DouC: Dual-Branch CLIP for Training-Free Open-Vocabulary Segmentation
Zero-shot segmentation gets a 2x accuracy boost with no new parameters...
A new paper from researchers Mohamad Zamini and Diksha Shukla introduces DouC, a training-free framework that significantly improves open-vocabulary semantic segmentation using a dual-branch CLIP architecture. The system addresses two key limitations of existing CLIP-based methods: unreliable local tokens and insufficient spatial coherence. DouC decomposes dense prediction into two complementary branches—OG-CLIP enhances patch-level reliability through lightweight, inference-time token gating, while FADE-CLIP injects external structural priors via proxy attention guided by frozen vision foundation models. The two branches are fused at the logit level, enabling local token reliability and structure-aware patch interactions to jointly influence final predictions. Optional instance-aware correction is applied as post-processing.

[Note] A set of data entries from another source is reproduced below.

Lemma restr_is_zmod_morphism : zmod_morphism restr.
Proof. by move=> p q; apply/funext => z; apply: mevalB. Qed.
Lemma restr_is_monoid_morphism : monoid_morphism restr.
Proof. by split=> [|p q]; apply/funext => z; [apply: meval1 | apply: mevalM]. Qed.
HB.instance Definition _ := GRing.isZmodMorphism.Build _ _ restr restr_is_zmod_morphism.
HB.instance Definition _ :=
  GRing.isMonoidMorphism.Build _ _ restr restr_is_monoid_morphism.

Lemma restr_sub_is_zmod_morphism : zmod_morphism restr_sub.
Proof. by move=> p q; apply/funext => z; apply: mevalB. Qed.
Lemma restr_sub_is_monoid_morphism : monoid_morphism restr_sub.
Proof. by split=> [|p q]; apply/funext => z; [apply: meval1 | apply: mevalM]. Qed.
HB.instance Definition _ :=
  GRing.isZmodMorphism.Build _ _ restr_sub restr_sub_is_zmod_morphism.
HB.instance Definition _ :=
  GRing.isMonoidMorphism.Build _ _ restr_sub restr_sub_is_monoid_morphism.

Lemma eval_at_is_zmod_morphism z : zmod_morphism (eval_at z). Proof. by []. Qed.
Lemma eval_at_is_monoid_morphism z : monoid_morphism (eval_at z). Proof. by []. Qed.
HB.instance Definition _ z :=
  GRing.isZmodMorphism.Build _ _ (eval_at z) (eval_at_is_zmod_morphism z).
HB.instance Definition _ z :=
  GRing.isMonoidMorphism.Build _ _ (eval_at z) (eval_at_is_monoid_morphism z).

Lemma horner_restr (P : {poly {mpoly k[s]}}) q (z : Zpt) :
  (map_poly restr_sub P).[restr q] z =
  (map_poly (meval (sub_coords sg (sval z))) P).[evalp q (sval z)].
Proof.
rewrite -[LHS]/(eval_at z _) -horner_map -map_poly_comp.
by congr (_.[_]); apply: eq_map_poly.
Qed.

Lemma coords_algebraicE q :
  coords_algebraic Z sg q <-> algebraic_over restr_sub (restr q).
Proof.
split=> -[P P0 HP]; exists P => //.
  by apply/eqP/funext => z; rewrite horner_restr; apply: HP; case: z.
by move=> z Zz; rewrite -(horner_restr P q (exist _ z Zz)) (eqP HP).
Qed.

End FunctionRing.

Lemma coords_algebraic_all Z s (sg : 'I_s -> 'I_r) : (exists z, Z z) ->
  (forall j, coords_algebraic Z sg 'X_j) -> forall q, coords_algebraic Z sg q.
Proof.
move=> [z0 Zz0] algX q; apply/(coords_algebraicE Zz0).
apply: algebraic_mpoly => [a|j]; last exact/(coords_algebraicE Zz0).
by apply/funext => z; rewrite /= /restr /restr_sub /evalp !mevalC.
Qed.

End CoordinateIndependence.

Section KrullUpperBound.
Variables (k : closedFieldType) (r : nat).
Implicit Types (Z : pt k r -> Prop) (s : nat).

Lemma coords_indep_leq Z s (sg : 'I_s -> 'I_r) : coords_indep Z sg -> (s <= r)%N.
Proof.
move=> indep; suff /leq_card : injective sg by rewrite !card_ord.
move=> i j eij; apply/eqP; apply: contraT => nij.
have : ('X_i - 'X_j : {mpoly k[s]}) = 0.
  by apply: indep => z _; rewrite mevalB !mevalXU /sub_coords eij subrr.
move/(congr1 (mcoeff U_(i))); rewrite mcoeffB !mcoeffXU eqxx eq_sym (negbTE nij).
by rewrite subr0 mcoeff0 => /eqP; rewrite oner_eq0.
Qed.

Lemma coords_indep0 Z (sg : 'I_0 -> 'I_r) : (exists z, Z z) -> coords_indep Z sg.
Proof.
move=> [z Zz] p /(_ z Zz); rewrite (nvar0_mpolyC p) mevalC => ->.
by rewrite raddf0.
Qed.

Lemma coords_indep_subset Z Z' s (sg : 'I_s -> 'I_r) :
  subset_of Z Z' -> coords_indep Z sg -> coords_indep Z' sg.
Proof. by move=> ZZ' indep p H; apply: indep => z /ZZ'; apply: H. Qed.

Definition extend_coords s (sg : 'I_s -> 'I_r) (j : 'I_r) (i : 'I_s.+1) : 'I_r :=
  if insub (val i) is Some i' then sg i' else j.

Lemma coords_indep_extend Z s (sg : 'I_s -> 'I_r) j :
  coords_indep Z sg -> ~ coords_algebraic Z sg 'X_j ->
  coords_indep Z (extend_coords sg j).
Proof.
move=> indep nalg p H; apply/eqP; rewrite -muni_eq0; apply: contraT => pn0.
case: nalg; exists (muni p) => // z Zz.
rewrite -(H z Zz) meval_muni evalpXU /sub_coords /extend_coords insubF ?ltnn //=.
congr (_.[_]); apply: eq_map_poly => q; apply: meval_eq => i.
rewrite insubT ?ltn_ord //= => Hi.
by congr (z 0 (sg _)); apply: val_inj.
Qed.

Definition subst_coords s (sg : 'I_s -> 'I_r) (p : {mpoly k[s]}) : {mpoly k[r]} :=
  p \mPo polytuple (fun i => 'X_(sg i)).

Lemma evalp_horner_subst s (sg : 'I_s -> 'I_r) (P : {poly {mpoly k[s]}}) q z :
  evalp ((map_poly (subst_coords sg) P).[q]) z =
  (map_poly (meval (sub_coords sg z)) P).[evalp q z].
Proof.
rewrite /evalp -horner_map /= -map_poly_comp; congr (_.[_]).
apply: eq_map_poly => p /=; rewrite /subst_coords comp_mpoly_meval.
by apply: meval_eq => i; rewrite tnth_mktuple mevalXU.
Qed.

(* On an irreducible Z, a relation P(q) = 0 with q not identically zero can be
   divided by q until its constant coefficient is nonzero. *)
Lemma coords_algebraic_coef0 Z s (sg : 'I_s -> 'I_r) q :
  zirreducible Z -> (exists2 z, Z z & evalp q z != 0) ->
  coords_algebraic Z sg q ->
  exists2 P : {poly {mpoly k[s]}}, P`_0 != 0 &
    forall z, Z z -> (map_poly (meval (sub_coords sg z)) P).[evalp q z] = 0.
Proof.
move=> [_ Zirr] [z1 Zz1 qz1] [P].
elim: {P}(size P) {-2}P (erefl (size P)) => [|d IH] P sP P0 HP.
  by move: P0; rewrite -size_poly_eq0 sP.
have [c0|] := eqVneq P`_0 0; last by exists P.
have /factor_theorem [Q PQ] : root P 0 by rewrite /root horner_coef0 c0.
rewrite subr0 in PQ.
have Q0 : Q != 0 by apply: contraNneq P0 => Q0; rewrite PQ Q0 mul0r.
have HQ z : Z z ->
    (map_poly (meval (sub_coords sg z)) Q).[evalp q z] * evalp q z = 0.
  by move=> Zz; rewrite -(HP z Zz) PQ rmorphM /= map_polyX hornerMX.
pose Qq := (map_poly (subst_coords sg) Q).[q].
have cover z : Z z -> zero_set (eq^~ Qq) z \/ zero_set (eq^~ q) z.
  move=> Zz; have /eqP := HQ z Zz; rewrite mulf_eq0 => /orP[/eqP Qz|/eqP qz].
    by left => p ->; rewrite evalp_horner_subst.
  by right => p ->.
have [ZQ|Zq] := Zirr _ _ (zclosed_zero_set _) (zclosed_zero_set _) cover.
  apply: (IH Q) => // [|z Zz]; first by move: sP; rewrite PQ size_mulX // => -[].
  by rewrite -evalp_horner_subst; apply: (ZQ z Zz).
by move: qz1; rewrite (Zq z1 Zz1 q erefl) eqxx.
Qed.
Lemma zsum_plus a b la lb :
  zsum a la -> zsum b lb -> zsum (fun k => a k + b k) (la + lb).
Proof.
  intros Ha Hb. apply (Un_cv_ext (fun n => zpsum a n + zpsum b n)).
  - intros; now rewrite zpsum_plus.
  - now apply CV_plus.
Qed.

Lemma zsum_scal c a l : zsum a l -> zsum (fun k => c * a k) (c * l).
Proof.
  intros Ha. apply (Un_cv_ext (fun n => c * zpsum a n)).
  - intros; now rewrite zpsum_scal.
  - apply CV_mult; [|exact Ha].
    intros e He; exists 0%nat; intros; unfold R_dist.
    rewrite Rminus_diag, Rabs_R0; lra.
Qed.

Lemma Zser_eq a l : zsum a l -> Zser a = l.
Proof.
  intros H. unfold Zser.
  destruct excluded_middle_informative as [e|n].
  - destruct constructive_indefinite_description as [l' Hl']; simpl.
    eapply UL_sequence; eauto.
  - exfalso; apply n; eauto.
Qed.

Lemma zsum_nonneg_bounded a M :
  (forall k, 0 <= a k) -> (forall N, zpsum a N <= M) -> exists l, zsum a l.
Proof.
  intros H0 HM.
  assert (Hg : Un_growing (zpsum a)).
  { intro n; rewrite zpsum_S.
    pose proof (H0 (- Z.of_nat n - 1)%Z); pose proof (H0 (Z.of_nat n + 1)%Z); lra. }
  assert (Hb : has_ub (zpsum a)) by (exists M; intros y [i ->]; apply HM).
  destruct (growing_cv _ Hg Hb) as [l Hl]; now exists l.
Qed.

(* [e] is the difference of its positive and negative parts, two nonnegative
   series whose partial sums are bounded by [M]. *)
Lemma zsum_dominated e D M :
  (forall k, Rabs (e k) <= D k) -> (forall N, zpsum D N <= M) ->
  exists l, zsum e l /\ Rabs l <= M.
Proof.
  intros HD HM.
  assert (Hpart : forall s, s = 1 \/ s = -1 -> exists l,
            zsum (fun k => (Rabs (e k) + s * e k) / 2) l).
  { intros s Hs; apply (zsum_nonneg_bounded _ M).
    - intros k; pose proof (proj1 (Rabs_le_between (e k) (Rabs (e k))) (Rle_refl _)).
      destruct Hs as [->| ->]; lra.
    - intros N; eapply Rle_trans; [|apply (HM N)]; apply zpsum_le; intros k.
      pose proof (proj1 (Rabs_le_between (e k) (Rabs (e k))) (Rle_refl _)).
      specialize (HD k); destruct Hs as [->| ->]; lra. }
  destruct (Hpart 1 (or_introl eq_refl)) as [lp Hp].
  destruct (Hpart (-1) (or_intror eq_refl)) as [lm Hm].
  assert (He : zsum e (lp + (-1) * lm)).
  { eapply zsum_ext; [|apply zsum_plus; [exact Hp | apply zsum_scal; exact Hm]].
    intros k; cbv beta; field. }
  exists (lp + (-1) * lm); split; [exact He|].
  apply Rle_cv_lim with (Vn := fun _ => M) (2 := cv_cvabs _ _ He).
  - intros n; eapply Rle_trans; [apply zpsum_abs|].
    eapply Rle_trans; [|apply (HM n)]; apply zpsum_le, HD.
  - intros eps Heps; exists 0%nat; intros; unfold R_dist.
    rewrite Rminus_diag, Rabs_R0; lra.
Qed.
(* Lebesgue integral over R^N of a function of the first N coordinates,
   written as the iterated integral dx_0 dx_1 ... dx_{N-1}
   (equal to the integral w.r.t. N-dimensional Lebesgue measure for
   nonnegative measurable integrands, by Tonelli). *)
Fixpoint lebN (R : realType) (N : nat) (f : (nat -> R) -> \bar R) : \bar R :=
  match N with
  | 0 => f (fun _ => 0)
  | N'.+1 => (\int[@lebesgue_measure R]_(t in setT)
               lebN N' (fun y => f (fun k => if k is k'.+1 then y k' else t)))%E
  end.

Definition gauss_expect (R : realType) (N : nat) (s2 : R) (g : 'cV[R]_N -> R) : \bar R :=
  lebN N (fun x => (g (vecN N x) * gauss_density (s2 *: 1%:M) (vecN N x))%:E).

(* Block-diagonal matrix Diag(V_1,...,V_n) in R^{pn x pn}, with
   V_j = s2 I_p - kappa u u^T for j <= Delta (1-based) and s2 I_p otherwise.
   Coordinate a of R^{pn} lies in block a %/ p (0-based), position a %% p. *)
(* k-th coordinate of u (0 if k >= p). *)
Definition ucoord (R : realType) (p : nat) (u : 'cV[R]_p) (k : nat) : R :=
  \sum_(i < p | nat_of_ord i == k) u i ord0.

Definition Vmat (R : realType) (p n : nat) (s2 kappa : R) (Delta : nat)
    (u : 'cV[R]_p) : 'M[R]_(p * n) :=
  \matrix_(a < p * n, b < p * n)
    ((a == b)%:R * s2
     - (((a %/ p == b %/ p) && (a %/ p < Delta))%N%:R *
        (kappa * ucoord u (a %% p) * ucoord u (b %% p)))).

Definition dotv (R : realType) (p : nat) (u v : 'cV[R]_p) : R :=
  \sum_(i < p) u i ord0 * v i ord0.

From mathcomp Require Import all_boot all_order all_algebra.
From mathcomp Require Import all_classical all_reals all_analysis.
From mathcomp Require Import ring lra.
Set Implicit Arguments. Unset Strict Implicit. Unset Printing Implicit Defensive.
Import Order.TTheory GRing.Theory Num.Theory.
Local Open Scope ring_scope.

(* Write V_i = sigma^2 I - kappa_i A_i A_i^T, where the columns of A_i are the orthonormal
   vectors e_j (x) u_i, j < Delta_i.  The integrand phi_V1 phi_V2 / phi_(sigma^2 I) is an
   unnormalised centred Gaussian with precision Q = V_1^-1 + V_2^-1 - sigma^-2 I, so the
   expectation equals sqrt (sigma^(2pn) / det (V_1 Q V_2)).  Moreover
   V_1 Q V_2 = sigma^2 (I - kappa_1 kappa_2 sigma^-4 A_1 A_1^T A_2 A_2^T), and Delta_1 <= Delta_2
   gives A_1^T A_2 A_2^T A_1 = <u_1,u_2>^2 I, so by Sylvester's determinant identity the
   expectation is (1 - x)^(-Delta_1/2) with x = <u_1,u_2>^2 (kappa_1/sigma^2) (kappa_2/sigma^2).
   Finally (1 - x)^-1 = 1 + x/(1-x) <= exp (x/(1-x)), and x/(1-x) is bounded both by
   <u_1,u_2>^2 alpha_1 alpha_2 and by <u_1,u_2>^2 alpha_1; the first argument of the minimum
   in the statement is just Delta_1 alpha_1 alpha_2. *)

Section QuadraticForm.
Variable R : realFieldType.

Definition quad_form N (Q : 'M[R]_N) (v : 'cV[R]_N) : R := (v^T *m Q *m v) 0 0.

Definition posdef N (Q : 'M[R]_N) : Prop :=
  Q^T = Q /\ forall v, v != 0 -> 0 < quad_form Q v.

Lemma quad_form0 N (Q : 'M[R]_N) : quad_form Q 0 = 0.
Proof. by rewrite /quad_form mulmx0 mxE. Qed.

Lemma quad_formD N (A B : 'M[R]_N) v : quad_form (A + B) v = quad_form A v + quad_form B v.
Proof. by rewrite /quad_form mulmxDr mulmxDl mxE. Qed.

Lemma quad_formB N (A B : 'M[R]_N) v : quad_form (A - B) v = quad_form A v - quad_form B v.
Proof. by rewrite /quad_form mulmxBr mulmxBl !mxE. Qed.

Lemma quad_formZ N c (A : 'M[R]_N) v : quad_form (c *: A) v = c * quad_form A v.
Proof. by rewrite /quad_form -scalemxAr -scalemxAl mxE. Qed.

Lemma quad_form1 N (v : 'cV[R]_N) : quad_form 1%:M v = \sum_i v i 0 ^+ 2.
Proof. by rewrite /quad_form mulmx1 mxE; apply: eq_bigr => i _; rewrite mxE expr2. Qed.

Lemma quad_form1_ge0 N (v : 'cV[R]_N) : 0 <= quad_form 1%:M v.
Proof. by rewrite quad_form1 sumr_ge0 // => i _; rewrite sqr_ge0. Qed.

Lemma quad_form1_gt0 N (v : 'cV[R]_N) : v != 0 -> 0 < quad_form 1%:M v.
Proof.
move=> v0; rewrite lt_def quad_form1_ge0 andbT; apply: contra v0.
rewrite quad_form1 => /eqP/psumr_eq0P v2_eq0; apply/eqP/matrixP => i j.
by rewrite ord1 mxE; apply/eqP; rewrite -sqrf_eq0 v2_eq0 // => k _; rewrite sqr_ge0.
Qed.

Lemma quad_form_mul_tr N D (A : 'M[R]_(N, D)) v :
  quad_form (A *m A^T) v = quad_form 1%:M (A^T *m v).
Proof. by rewrite /quad_form mulmx1 trmx_mul trmxK !mulmxA. Qed.

Lemma posdef_unitmx N (Q : 'M[R]_N) : posdef Q -> Q \in unitmx.
Proof.
move=> [_ Qpos]; rewrite unitmxE unitfE; apply/negP => /det0P[v v0 vQ].
have := Qpos v^T; rewrite trmx_eq0 => /(_ v0).
by rewrite /quad_form trmxK vQ mul0mx mxE ltxx.
Qed.

Lemma posdef_drsubmx N (Q : 'M[R]_(1 + N)) : posdef Q -> posdef (drsubmx Q).
Proof.
move=> [QT Qpos]; split=> [|z z0]; first by rewrite trmx_drsub QT.
have -> : quad_form (drsubmx Q) z = quad_form Q (col_mx 0 z).
  rewrite /quad_form -[in RHS](submxK Q) tr_col_mx trmx0 mul_row_block mul_row_col.
  by rewrite !mul0mx mulmx0 !add0r.
by apply: Qpos; rewrite col_mx_eq0 negb_and z0 orbT.
Qed.

Definition schur_compl N (Q : 'M[R]_(1 + N)) : R :=
  ulsubmx Q 0 0 - ((dlsubmx Q)^T *m (invmx (drsubmx Q) *m dlsubmx Q)) 0 0.

Lemma quad_form_col_mx N (Q : 'M[R]_(1 + N)) (t : R) (w : 'cV[R]_N) :
  Q^T = Q -> drsubmx Q \in unitmx ->
  quad_form Q (col_mx t%:M w) =
  quad_form (drsubmx Q) (w + t *: (invmx (drsubmx Q) *m dlsubmx Q)) + schur_compl Q * t ^+ 2.
Proof.
move=> QT uC; rewrite /schur_compl.
set C := drsubmx Q; set b := dlsubmx Q; set r := invmx C *m b.
have CT : C^T = C by rewrite /C trmx_drsub QT.
have urQ : ursubmx Q = b^T by rewrite /b trmx_dlsub QT.
have ulQ : ulsubmx Q = (ulsubmx Q 0 0)%:M by rewrite {1}[ulsubmx Q]mx11_scalar.
have Cr : C *m r = b by rewrite /r mulKVmx.
have rC : r^T *m C = b^T by rewrite -[in LHS]CT -trmx_mul Cr.
have tr11 (M : 'M[R]_1) : M^T = M by apply/matrixP => i j; rewrite !ord1 mxE.
have wb : w^T *m b = b^T *m w by rewrite -[LHS]tr11 trmx_mul trmxK.
rewrite /quad_form -[in LHS](submxK Q) -/C -/b ulQ urQ tr_col_mx tr_scalar_mx.
rewrite mul_row_block mul_row_col !mul_scalar_mx.
rewrite (@mulmxDl _ 1 1 1) (@mulmxDl _ 1 N 1) !mul_mx_scalar -!scalemxAl wb.
rewrite linearD /= linearZ /= (_ : (w + t *: r)^T = w^T + t *: r^T); last first.
  by rewrite linearD /= linearZ.
rewrite (@mulmxDl _ 1 N N) !(@mulmxDl _ 1 N 1).
rewrite -!scalemxAl -!scalemxAr rC -!mulmxA Cr wb !mxE eqxx mulr1n.
ring.
Qed.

DouC introduces no additional learnable parameters, requires no retraining, and preserves CLIP's zero-shot generalization capabilities. Extensive experiments across eight benchmarks and multiple CLIP backbones demonstrate that DouC consistently outperforms prior training-free methods and scales favorably with model capacity. This means developers and researchers can achieve state-of-the-art open-vocabulary segmentation without the computational cost of fine-tuning, making it highly practical for real-world applications like autonomous driving, medical imaging, and robotics where labeling new categories on the fly is critical.
- DouC uses two branches: OG-CLIP (token gating for patch reliability) and FADE-CLIP (structure priors from frozen vision models).
- Zero additional training or parameters required; preserves CLIP's zero-shot generalization.
- Outperforms prior training-free methods across eight benchmarks and scales with model size.
Why It Matters
DouC enables accurate pixel-level labeling without retraining, cutting costs and deployment time for vision AI.